Вернер только и ждал этой команды. Он склонился к ноге. Из-за его широкой спины ничего не было видно. Только слышался какой-то шелест.
Анохин страдальчески кривился, тяжело вздыхал, иногда постанывал. Его лоб покрылся испариной.
Рядом с немцем встала старуха Лукерья, темная лицом, морщинистая – настоящая колдунья. Она пристально следила за каждым движением Вернера. Палашка же забилась в самый угол выгородки и, чтобы ничего не видеть и не слышать, с головой закуталась в свою шубейку.
Вернер вдруг ощутил металлическое сопротивление: встретились металл с металлом, нож с осколком.
Анохин застонал:
– Хватит, немец! А то у меня уже терпение кончается! А-а! Чтоб вам так же было, как мне сейчас!.. Гады! Сволочи! А-а!..
А Вернер, торопливо орудуя ножом и вилкой, выдернул из раны небольшой рваный кусок окровавленного металла. Часть оболочки пули.
Видимо, госпитальные хирурги не стали удалять эту махонькую металлическую крошку из-за близости артерии или нерва. Теперь эта заноза двинулась сама и вызвала нагноение, стремясь выйти наружу.
Кровотечение не было сильным. Ефрейтор крепко реперебинтовал ногу, используя поданный радистом индпакет.
– Ну, фот… фот и аллес!.. – передавая осколочек Анохину, сказал немец. Затем он повернулся к старухе Лукерье и Палашке, сказал им по-немецки какую-то длинную фразу, не то успокаивая их, не то объясняя, как дальше ухаживать за лейтенантом.
– Спасибо, голубок! Ты свое исделал! – сказала Лукерья. – Теперича наш черед.

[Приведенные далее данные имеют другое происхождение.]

Lemma cousin a b delta : (forall x, 0 < delta x) -> a <= b ->
  exists n p t, fine_tagged_partition a b delta n p t.
Proof.
  intros Hd Hab.
  set (E := fun x => a <= x <= b /\ exists n p t, fine_tagged_partition a x delta n p t).
  assert (Ea : E a) by (split; [lra | exists 0%nat, (fun _ => a), (fun _ => a); apply ftp_nil]).
  destruct (completeness E) as [s [Hub Hlub]];
    [exists b; intros x [Hx _]; lra | exists a; exact Ea |].
  assert (Has : a <= s) by (apply Hub, Ea).
  assert (Hsb : s <= b) by (apply Hlub; intros x [Hx _]; lra).
  pose proof (Hd s).
  assert (Hnear : exists x, E x /\ s - delta s < x).
  { apply NNPP. intros Hno.
    enough (s <= s - delta s) by lra.
    apply Hlub. intros x Ex. apply Rnot_lt_le. eauto. }
  destruct Hnear as [x [[Hx [n [p [t Hpt]]]] Hxs]].
  assert (x <= s) by (apply Hub; split; eauto).
  set (y := Rmin b (s + delta s / 2)).
  assert (Hys : s <= y) by (apply Rmin_glb; lra).
  assert (Hyd : y <= s + delta s / 2) by apply Rmin_r.
  assert (Ey : E y).
  { split; [split; [lra | apply Rmin_l]|].
    destruct (Req_dec x y) as [Hxy|Hxy]; [rewrite <- Hxy; eauto|].
    destruct (ftp_single x y s delta) as [p' [t' [Hs _]]];
      [lra | lra | lra | lra |].
    destruct (ftp_concat _ _ _ _ _ _ _ _ _ _ Hpt Hs) as [n'' [p'' [t'' [Hc _]]]]. eauto. }
  assert (Hyb : y = b).
  { pose proof (Hub y Ey). unfold y, Rmin in *. destruct (Rle_dec b (s + delta s / 2)); lra. }
  rewrite <- Hyb. apply Ey.
Qed.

Авось с Божьей помочью тоже справимся.
Боль в ноге Анохина отступала. Задумчиво рассматривая осколок, он тихо сказал:
– И гляди ведь, какая зараза! Такой махонький, а как жизнь портил.
Лукерья оглядела столпившихся вокруг немцев, тихо сказала:
– А теперича командера – в мою избу.
Немцы засуетились:
– Традбаре… Траге…
– Но-сильницы, – объяснил Вернер.
– Какие носилки! – удивилась Лукерья. – Эдак-то на кровати и несите.
– Я, я! Рихтиг! Траген мит бетт!..
И четверо или пятеро немцев легко подняли сколоченную из досок кровать, на которой лежал Анохин. Палашка сбросила свою шубейку и прикрыла больного. Немцы быстро, почти бегом, понесли Анохина по деревне. В пути им повстречались Африкан и Северьяныч.
– Чего с им? – спросил Африкан.
– Осколок с ноги пошел, – объяснил Чумаченко.
– Давно бы надоть до Лукерьи, – пробормотал Северьяныч. – У наших медвежатников уж сколь поломатых костей было! И что ж? Всех подняла… И дробь попадала по пьяному делу, она ее потом как-то выманивала. На всяку мазь.
В Лукерьиной избе Анохина переложили на прежнюю его постель. Сквозь открытую дверь он видел, как на кухне у печи старуха стала извлекать из бумажных кульков разные высушенные травы. Растирала их старческими жесткими ладонями и сыпала в казан с кипящей водой. Потом вывалила травяную массу в холст. Остудив, выжала.
Палашка не отходила от Анохина. Взяла его за руку, ласково провела ею по своей щеке.
– Хорошо, что ты у нас. Ранее послушался бы меня, уже и забыл бы про рану… Ничего, божатка заврачует.
Лукерья, отстранив Палашку, стала вновь осматривать ногу.
– Ишь ты, язвина! И горячка внутрення, распалилась от ходьбы да от нерву. Сперва надобно горячку укротить, а уж опосля рану залечим… Даст Бог, через неделю лосем бегать будешь!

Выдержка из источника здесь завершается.